= Beginning of Section =
Lemma green_Hlamnu_inl : G (inl3 VS Vr chil) (inl3 VS Vr chil) =
  (gl * (1 - nu2 * gr * g22)) / Dz.
Proof.
have kDz : Dz * Dz^-1 = 1 by rewrite mulfV // green_det_neq0.
set k := Dz^-1 in kDz *.
pose s := - (L * gl) * (1 - nu2 * gr * g22) * k; pose t := - (L * gl) * (nu2 * gr * g21) * k.
rewrite (green_Hlamnu_ansatz (x := 1 - L * (s * g11 + t * g12)) (s := s) (t := t)
  (y := - (Nu * (s * g21 + t * g22)))) ?ip_inl_ansatz.
  have -> : (1 - L * (s * g11 + t * g12)) * gl =
    gl * (1 - nu2 * gr * g22) * k + gl * (1 - Dz * k) by rewrite /s /t; ring.
  by rewrite kDz subrr mulr0 addr0.
apply: sumV_eq => /=; rewrite ?subrK ?addNr ?scale1r ?scale0r //.
have -> : s + L * ((1 - L * (s * g11 + t * g12)) * gl) = L * gl * (1 - Dz * k).
  by rewrite /s /t; ring.
have -> : t + Nu * (- (Nu * (s * g21 + t * g22)) * gr) = 0 by rewrite /s /t; ring.
by rewrite kDz subrr mulr0 !scale0r addr0.
Qed.

Local Notation cl := (inl3 VS Vr chil).
Local Notation cr := (inr3 Vl VS chir).
Local Notation el := (inS3 Vl Vr dl).
Local Notation er := (inS3 Vl Vr dr).

Lemma green_Hlamnu_two_channel :
  let Dz0 := (1 - nu2 * G0 cr cr * G0 er er) * (1 - lam2 * G0 cl cl * G0 el el)
             - nu2 * lam2 * G0 cr cr * G0 cl cl * G0 el er * G0 er el in
  G el el = ((1 - nu2 * G0 cr cr * G0 er er) * G0 el el
             + nu2 * G0 cr cr * G0 el er * G0 er el) / Dz0
  /\ G cl cl = (G0 cl cl * (1 - nu2 * G0 cr cr * G0 er er)) / Dz0.
Proof.
rewrite /= green_Hlamnu_inS_l green_Hlamnu_inl !green0_inl !green0_inr.
rewrite !green0_inS_l !green0_inS_r ip_inl_ansatz ip_inr_ansatz !ip_inS_ansatz.
by rewrite !(mul0r, mul1r, add0r, addr0).
Qed.

End TwoChannelHamiltonian.

Theorem lemma2p1 (R : realType) (Vl VS Vr : lmodType R[i])
    (ipl : Vl -> Vl -> R[i]) (ipS : VS -> VS -> R[i]) (ipr : Vr -> Vr -> R[i])
    (hl : is_hilbert ipl) (hS : is_hilbert ipS) (hr : is_hilbert ipr)
    (fdS : finite_dim VS)
    (Dl : set Vl) (Hl : Vl -> Vl) (DS : set VS) (HS : VS -> VS)
    (Dr : set Vr) (Hr : Vr -> Vr)
    (saHl : self_adjoint ipl Dl Hl) (saHS : self_adjoint ipS DS HS)
    (saHr : self_adjoint ipr Dr Hr)
    (chil : Vl) (chir : Vr) (dl dr : VS)
    (chil0 : chil != 0) (chir0 : chir != 0) (dl0 : dl != 0) (dr0 : dr != 0)
    (lam nu : R) (z : R[i]) (hz : z \notin Num.real) :
  let ip := sum_ip ipl ipS ipr in
  let D0 := dom0 Dl DS Dr in
  let G0 := fun phi psi : sumV Vl VS Vr => green ip D0 (H0 Hl HS Hr) phi psi z in
  let G := fun phi psi : sumV Vl VS Vr =>
    green ip D0 (Hlamnu ipl ipS ipr Hl HS Hr chil chir dl dr lam nu) phi psi z in
  let cl := inl3 VS Vr chil in
  let cr := inr3 Vl VS chir in
  let el := inS3 Vl Vr dl in
  let er := inS3 Vl Vr dr in
  let nu2 := (nu ^+ 2)%:C%C in
  let lam2 := (lam ^+ 2)%:C%C in
  let Dz := (1 - nu2 * G0 cr cr * G0 er er) * (1 - lam2 * G0 cl cl * G0 el el)
            - nu2 * lam2 * G0 cr cr * G0 cl cl * G0 el er * G0 er el in
  G el el = ((1 - nu2 * G0 cr cr * G0 er er) * G0 el el
             + nu2 * G0 cr cr * G0 el er * G0 er el) / Dz
  /\ G cl cl = (G0 cl cl * (1 - nu2 * G0 cr cr * G0 er er)) / Dz.
Proof.
have [ul Dul ul_res] := sa_shift_surj hl.1 saHl hz (hilbert_ip_cvg hl) chil.
have [sl Dsl sl_res] := sa_shift_surj hS.1 saHS hz (hilbert_ip_cvg hS) dl.
have [sr Dsr sr_res] := sa_shift_surj hS.1 saHS hz (hilbert_ip_cvg hS) dr.
have [ur Dur ur_res] := sa_shift_surj hr.1 saHr hz (hilbert_ip_cvg hr) chir.
exact: (green_Hlamnu_two_channel hl.1 hS.1 hr.1 saHl saHS saHr hz
  Dul Dsl Dsr Dur ul_res ur_res sl_res sr_res).
Qed.
(* The lattice of subvarieties of the monoid variety $\mathbf M(xyx)\vee\mathbf M_\gamma(xx^+yy^+)$ is not modular.
   Context: Words are elements of the free monoid $\mathfrak X^\ast$ over a countably infinite alphabet. For a set $W$ of words, $M(W)$ is the Rees quotient of $\mathfrak X^\ast$ by the ideal of all words that are not factors of any word in $W$; $\mathbf M(xyx)$ is the monoid variety generated by $M(\{xyx\})$. A letter is simple in a word if it occurs exactly once. The congruence $\gamma$: $\mathbf u\mathrel\gamma\mathbf v$ iff $\mathbf u,\mathbf v$ have the same simple letters and $\mathbf u$ is obtained from $\mathbf v$ by changing individual exponents of letters ($\mathbf u=x_1^{e_1}\cdots x_r^{e_r}$, $\mathbf v=x_1^{f_1}\cdots x_r^{f_r}$, $e_i,f_i\ge1$). For $\gamma$-classes, $\mathtt v\le\mathtt u$ if $\mathtt u=\mathtt p\mathtt v\mathtt s$ for $\gamma$-classes $\mathtt p,\mathtt s$; for a set $\mathtt W$ of $\gamma$-classes, $M_\gamma(\mathtt W)$ is the Rees quotient of $\mathfrak X^\ast/\gamma$ by the ideal of $\gamma$-classes not $\le$ any member of $\mathtt W$. $xx^+yy^+$ is the $\gamma$-class of $x^2y^2$, and $\mathbf M_\gamma(xx^+yy^+)$ is the monoid variety generated by $M_\gamma(\{xx^+yy^+\})$. $\vee$ denotes join of varieties. *)

From Stdlib Require Import ClassicalEpsilon.
From mathcomp Require Import all_boot.
Set Implicit Arguments. Unset Strict Implicit. Unset Printing Implicit Defensive.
= End of Section =
# PROBLEM
The lines above from the one with "set k := Dz^-1 in kDz *." through the one with "have -> : (1" are to be duplicated exactly, ends included, with nothing added.

# SOLUTION FOR THIS PROBLEM
set k := Dz^-1 in kDz *.
pose s := - (L * gl) * (1 - nu2 * gr * g22) * k; pose t := - (L * gl) * (nu2 * gr * g21) * k.
rewrite (green_Hlamnu_ansatz (x := 1 - L * (s * g11 + t * g12)) (s := s) (t := t)
  (y := - (Nu * (s * g21 + t * g22)))) ?ip_inl_ansatz.
  have -> : (1 - L * (s * g11 + t * g12)) * gl =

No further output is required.